# Crocodile skink illness



## Malhavoc's (Nov 16, 2012)

Hello Arachnoboards!
 I have the unfortunate news to talk about my latest aquisition my crocodile skink. He was remarkable find, and did well for two or three weeks after aquisition, then, I noted an abnormal bump a half inch from the tip of his tail, after a topical aplication to the swelling of paroxide a chink in his back scales parted, and out came the maggots, the flies seem to be some sort of scuttle fly/phorrid fly, I thought I had them under control with regular baths in paroxide application of vasoline etc to keep them out of the wound it seemed to be healing; 
However today, he is acting dessicated and dried out, wanting to swim on land, unable to move properly hold footing, when given water he drinks, then vomits it back up, I am at a loss of what to do. and what could be causing it.

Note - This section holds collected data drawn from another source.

(* Let $p>3$ be a prime and for $1\le k\le p-1$ define $$G(p,k)=\frac{p^2\binom{2p}{p}\binom{2p+2k}{p+k}\binom{2p-2k}{p-k}\binom{p+k}{p}}{2^{8p-2k-4}(2p+2k-1)\binom{2k}{k}}.$$ Then $$G\Big(p,\frac{p+1}{2}\Big)\equiv(-1)^{(p-1)/2}p\left(1-3pq_p(2)+6p^2q_p(2)^2\right)\pmod{p^4}.$$
   Context: $q_p(2)=(2^{p-1}-1)/p$ is the Fermat quotient. Congruences between rationals modulo $p^m$ mean the difference is $p^m$ times a rational with denominator prime to $p$. *)

From HB Require Import structures.
From mathcomp Require Import all_boot all_order all_algebra.
Set Implicit Arguments. Unset Strict Implicit. Unset Printing Implicit Defensive.
Import Order.TTheory GRing.Theory Num.Theory.
Local Open Scope ring_scope.

Definition rat_eqmod (p m : nat) (x y : rat) : Prop :=
  exists r : rat, x - y = (p ^ m)%N%:R * r /\ coprime p `|denq r|%N.

Definition fermat_q2 (p : nat) : rat := ((2 ^ p.-1 - 1)%N)%:R / p%:R.

Definition G (p k : nat) : rat :=
  ((p ^ 2 * 'C(2 * p, p) * 'C(2 * p + 2 * k, p + k) * 'C(2 * p - 2 * k, p - k)
     * 'C(p + k, p))%N)%:R
  / ((2 ^ (8 * p - 2 * k - 4) * (2 * p + 2 * k - 1) * 'C(2 * k, k))%N)%:R.

From HB Require Import structures.
From mathcomp Require Import all_boot all_order all_algebra.
From mathcomp Require Import cyclic ring zify.

(* Write p = 2n + 1 and u = 4^n = 2^(p-1) = 1 + p q_p(2).  Expanding the binomial
   coefficients into factorials gives
     G(p, n+1) = (-1)^n p P(1)^2 P(2) L(-1) / (L(1) u^7),
   with P(t) = prod_(j<p) (1 + pt/j) and L(t) = prod_(j<=n) (1 + pt/j).  Modulo p^3 a
   product prod_j (1 + p y_j) of p-integral y_j with sum_j y_j^2 = 0 (mod p) equals
   1 + Y + Y^2/2 for Y = p sum_j y_j.  Since H_2(p) and H_2(n) vanish modulo p and
   H_1(p) modulo p^2 (Wolstenholme), P(t) = 1 and L(s) L(t) = L(s + t) modulo p^3.
   Hence L(1) L(-1) = 1, and L(-1) = u L(-1/2) together with L(-1/2)^2 = L(-1) gives
   L(-1) = u^2.  So G(p, n+1) = (-1)^n p u^-3 modulo p^4, and expanding (1 + p q)^-3
   to second order gives the claim. *)

Set Implicit Arguments.
Unset Strict Implicit.
Unset Printing Implicit Defensive.
Import Order.TTheory GRing.Theory Num.Theory.
Local Open Scope ring_scope.

Definition pintegral (p : nat) : {pred rat} := fun x => coprime p `|denq x|.

Section PIntegral.
Variable p : nat.

Lemma pintegral_frac (a b : int) : coprime p `|b| -> a%:~R / b%:~R \in pintegral p.
Proof.
rewrite unfold_in; case: divqP => [_ _|k x k0 cb]; first exact: coprimen1.
by apply: coprime_dvdr cb; rewrite abszM dvdn_mull.
Qed.

Fact pintegral_subring_closed : subring_closed (pintegral p).
Proof.
have frac x : x = (numq x)%:~R / (denq x)%:~R by rewrite divq_num_den.
split=> [|x y|x y]; rewrite ?unfold_in ?coprimen1 // => cx cy.
  rewrite (frac x) (frac y).
  have -> : (numq x)%:~R / (denq x)%:~R - (numq y)%:~R / (denq y)%:~R
     = (numq x * denq y - numq y * denq x)%:~R / (denq x * denq y)%:~R :> rat.
    by rewrite rmorphB !rmorphM /=; field; rewrite !intr_eq0 !denq_neq0.
  by apply: pintegral_frac; rewrite abszM coprimeMr cx cy.
rewrite (frac x) (frac y) mulrACA -invfM -!rmorphM /=.
by apply: pintegral_frac; rewrite abszM coprimeMr cx cy.
Qed.

HB.instance Definition _ :=
  GRing.isSubringClosed.Build rat (pintegral p) pintegral_subring_closed.

Lemma pintegralV_nat (m : nat) : coprime p m -> m%:R^-1 \in pintegral p.
Proof. by move=> cm; rewrite -div1r; apply: (@pintegral_frac 1 m). Qed.

End PIntegral.

Ltac pintegral_closed := repeat match goal with
  | |- _ => done
  | |- is_true (_ + _ \in _) => apply: rpredD
  | |- is_true (_ * _ \in _) => apply: rpredM
  | |- is_true (- _ \in _) => rewrite rpredN
  | |- is_true (_ ^+ _ \in _) => apply: rpredX
  | |- is_true (_%:R \in _) => apply: rpred_nat
  | |- is_true (0 \in _) => apply: rpred0
  | |- is_true (1 \in _) => apply: rpred1
  end.

Section Congruence.
Variable p : nat.
Implicit Types (x y u v c : rat) (m : nat).

Lemma rat_eqmodP m x y :
  rat_eqmod p m x y <-> exists2 r, r \in pintegral p & x = y + p%:R ^+ m * r.
Proof.
rewrite /rat_eqmod natrX; split=> [[r [E hr]] | [r hr ->]]; exists r => //.
  by rewrite -E addrC subrK.
by rewrite addrC addKr.
Qed.

Lemma rat_eqmod_refl m x : rat_eqmod p m x x.
Proof. by apply/rat_eqmodP; exists 0; [pintegral_closed | ring]. Qed.

Lemma rat_eqmod_sym m x y : rat_eqmod p m x y -> rat_eqmod p m y x.
Proof.
by case/rat_eqmodP=> r hr ->; apply/rat_eqmodP; exists (- r); [pintegral_closed | ring].
Qed.

Lemma rat_eqmod_trans m y x z :
  rat_eqmod p m x y -> rat_eqmod p m y z -> rat_eqmod p m x z.
Proof.
case/rat_eqmodP=> r hr -> /rat_eqmodP[s hs ->].
by apply/rat_eqmodP; exists (s + r); [pintegral_closed | ring].
Qed.

Lemma rat_eqmodD m x y u v :
  rat_eqmod p m x y -> rat_eqmod p m u v -> rat_eqmod p m (x + u) (y + v).
Proof.
case/rat_eqmodP=> r hr -> /rat_eqmodP[s hs ->].
by apply/rat_eqmodP; exists (r + s); [pintegral_closed | ring].
Qed.

Lemma rat_eqmodN m x y : rat_eqmod p m x y -> rat_eqmod p m (- x) (- y).
Proof.
by case/rat_eqmodP=> r hr ->; apply/rat_eqmodP; exists (- r); [pintegral_closed | ring].
Qed.

Lemma rat_eqmodB m x y u v :
  rat_eqmod p m x y -> rat_eqmod p m u v -> rat_eqmod p m (x - u) (y - v).
Proof. by move=> exy /rat_eqmodN; apply: rat_eqmodD. Qed.

Lemma rat_eqmodMl m c x y :
  c \in pintegral p -> rat_eqmod p m x y -> rat_eqmod p m (c * x) (c * y).
Proof.
move=> hc /rat_eqmodP[r hr ->].
by apply/rat_eqmodP; exists (c * r); [pintegral_closed | ring].
Qed.

Lemma rat_eqmodM m x y u v : y \in pintegral p -> u \in pintegral p ->
  rat_eqmod p m x y -> rat_eqmod p m u v -> rat_eqmod p m (x * u) (y * v).
Proof.
move=> hy hu /rat_eqmodP[r hr ->] /rat_eqmodP[s hs ev].
by apply/rat_eqmodP; exists (r * u + y * s); [pintegral_closed | rewrite ev; ring].
Qed.

Lemma rat_eqmodX m x y k : x \in pintegral p -> y \in pintegral p ->
  rat_eqmod p m x y -> rat_eqmod p m (x ^+ k) (y ^+ k).
Proof.
move=> hx hy exy; elim: k => [|k IHk]; first exact: rat_eqmod_refl.
by rewrite !exprS; apply: rat_eqmodM => //; pintegral_closed.
Qed.

Lemma rat_eqmod_sum m (I : eqType) (r : seq I) (F G : I -> rat) :
  (forall i, i \in r -> rat_eqmod p m (F i) (G i)) ->
  rat_eqmod p m (\sum_(i <- r) F i) (\sum_(i <- r) G i).
Proof.
elim: r => [|i r IHr] eFG; first by rewrite !big_nil; exact: rat_eqmod_refl.
rewrite !big_cons; apply: rat_eqmodD; first by apply: eFG; rewrite mem_head.
by apply: IHr => j rj; apply: eFG; rewrite in_cons rj orbT.
Qed.

Lemma rat_eqmod_pintegral m x y :
  y \in pintegral p -> rat_eqmod p m x y -> x \in pintegral p.
Proof. by move=> hy /rat_eqmodP[r hr ->]; pintegral_closed. Qed.

Lemma rat_eqmod_nat_mod (a b : nat) : a = b %[mod p] -> rat_eqmod p 1 a%:R b%:R.
Proof.
move=> eab; apply/rat_eqmodP; exists ((a %/ p)%:R - (b %/ p)%:R); first by pintegral_closed.
by rewrite {1}(divn_eq a p) {1}(divn_eq b p) eab !natrD !natrM; ring.
Qed.

Lemma rat_eqmod_mulp m x y :
  rat_eqmod p m x y -> rat_eqmod p m.+1 (p%:R * x) (p%:R * y).
Proof.
by case/rat_eqmodP=> r hr ->; apply/rat_eqmodP; exists r => //; rewrite exprS; ring.
Qed.

Lemma rat_eqmod_leq k m x y : (k <= m)%N -> rat_eqmod p m x y -> rat_eqmod p k x y.
Proof.
move=> km /rat_eqmodP[r hr ->]; apply/rat_eqmodP.
exists (p%:R ^+ (m - k) * r); first by pintegral_closed.
by rewrite mulrA -exprD subnKC.
Qed.

Lemma rat_eqmodV m x y : x != 0 -> y != 0 ->
  x^-1 \in pintegral p -> y^-1 \in pintegral p ->
  rat_eqmod p m x y -> rat_eqmod p m x^-1 y^-1.
Proof.
move=> x0 y0 hx hy /rat_eqmodP[r hr Ex]; apply/rat_eqmodP.
exists (- r * x^-1 * y^-1); first by pintegral_closed.
by rewrite Ex in x0 *; field; rewrite x0 y0.
Qed.

Lemma rat_eqmod1_frac x : rat_eqmod p 1 x 1 ->
  exists a b : int, [/\ x = a%:~R / b%:~R, coprime p `|a| & coprime p `|b|].
Proof.
case/rat_eqmodP=> r hr ->; exists (denq r + p%:Z * numq r), (denq r).
have cpz (z : int) : coprime p `|z| = coprimez p z by rewrite coprimezE absz_nat.
split=> //; last first.
  by rewrite cpz /coprimez addrC mulrC gcdzMDl -/(coprimez _ _) -cpz.
rewrite expr1 -[in LHS](divq_num_den r) rmorphD rmorphM /=.
by field; rewrite intr_eq0 denq_neq0.
Qed.

Lemma rat_eqmod1_pintegralV x : rat_eqmod p 1 x 1 -> x^-1 \in pintegral p.
Proof. by case/rat_eqmod1_frac=> a [b [-> ca _]]; rewrite invf_div; apply: pintegral_frac. Qed.

End Congruence.

Section Units.
Variable p : nat.
Hypothesis p_gt1 : (1 < p)%N.

Let coprime_neq0 c : coprime p c -> c != 0%N.
Proof. by apply: contraTneq => ->; rewrite /coprime gcdn0 gtn_eqF. Qed.

Lemma rat_eqmod1_neq0 x : rat_eqmod p 1 x 1 -> x != 0.
Proof.
case/rat_eqmod1_frac=> a [b [-> /coprime_neq0 a0 /coprime_neq0 b0]].
by rewrite mulf_neq0 ?invr_eq0 ?intr_eq0 -?absz_eq0.
Qed.

Lemma rat_eqmod1V m x : (0 < m)%N -> rat_eqmod p m x 1 -> rat_eqmod p m x^-1 1.
Proof.
move=> m_gt0 ex; have ex1 := rat_eqmod_leq m_gt0 ex.
rewrite -invr1; apply: rat_eqmodV; rewrite ?oner_neq0 ?invr1 ?rpred1 //.
  exact: rat_eqmod1_neq0.
exact: rat_eqmod1_pintegralV.
Qed.

Lemma rat_eqmod_natV m (a b : nat) : coprime p a -> coprime p b ->
  rat_eqmod p m a%:R b%:R -> rat_eqmod p m a%:R^-1 b%:R^-1.
Proof.
move=> ca cb; apply: rat_eqmodV; rewrite ?pintegralV_nat //.
  by rewrite pnatr_eq0 coprime_neq0.
by rewrite pnatr_eq0 coprime_neq0.
Qed.

Lemma inv_cube_eqmod q : q \in pintegral p ->
  rat_eqmod p 3 ((1 + p%:R * q) ^- 3) (1 - 3%:R * p%:R * q + 6%:R * p%:R ^+ 2 * q ^+ 2).
Proof.
move=> hq; set u := 1 + p%:R * q.
have u1 : rat_eqmod p 1 u 1 by apply/rat_eqmodP; exists q; rewrite // addrC expr1.
have u0 := rat_eqmod1_neq0 u1; have hu := rat_eqmod1_pintegralV u1.
apply/rat_eqmodP.
exists (- u^-1 ^+ 3 * q ^+ 3 * (10%:R + 15%:R * p%:R * q + 6%:R * p%:R ^+ 2 * q ^+ 2)).
  by pintegral_closed.
by rewrite /u in u0 *; field.
Qed.

End Units.

Definition trunc_exp (y : rat) : rat := 1 + y + y ^+ 2 / 2%:R.

Section ProductExpansion.
Variable p : nat.
Hypothesis p_coprime2 : coprime p 2.

Let half_pintegral : 2%:R^-1 \in pintegral p := pintegralV_nat p_coprime2.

As it is an exotic and not a common one in my area, no vets in the area are willing/able to treat/ take him, so I am now turning to our community for assistance.


----------



## Entomancer (Nov 16, 2012)

Do you know if it's CB or WC?

If it is WC, this could be partially due to parasites. A parasitic fly infestation should not have caused such severe symptoms. 

Fluker's Repta-Aid is a pretty good food source for sick lizards. I had a very ill leopard gecko that somebody found abandoned in an empty apartment suite (long story) and I successfully raised him back to full health with the help of that stuff. It come with a syringe and dosage info as well. Pedialyte (the non-flavored kind) is also great for rehydrating sick herps, but you'll probably need to give it to them with a syringe.

I know that Baytril and Panacur are two good medications for dealing with bacterial infections and parasites (respectively), but obviously without a clear diagnosis of the problem, it's hard to know what to do. If you have access to a microscope, you could get some feces and check for parasites, as they will be swimming around in the fecal matter on the slide (or worm eggs, etc. may be present). 

Why not explain your setup, care routine, and the skink's background to us? Maybe we'll be able to see or find something that could be causing the problem.

Edit:

I searched for reptile vets, and I found several in Guelph:

Dr. Allison Daub
Campus Estates Animal Hospital
Guelph, Ontario
519-837-1212

Dr. Craig Mosley
Department of Clinical Studies
Ontario Veterinary College,
University of Guelph
Guelph, Ontario
N1G 2W1
(519) 824-4120 x4016
Not presently in clinical practice. Available for consultation with other veterinarians.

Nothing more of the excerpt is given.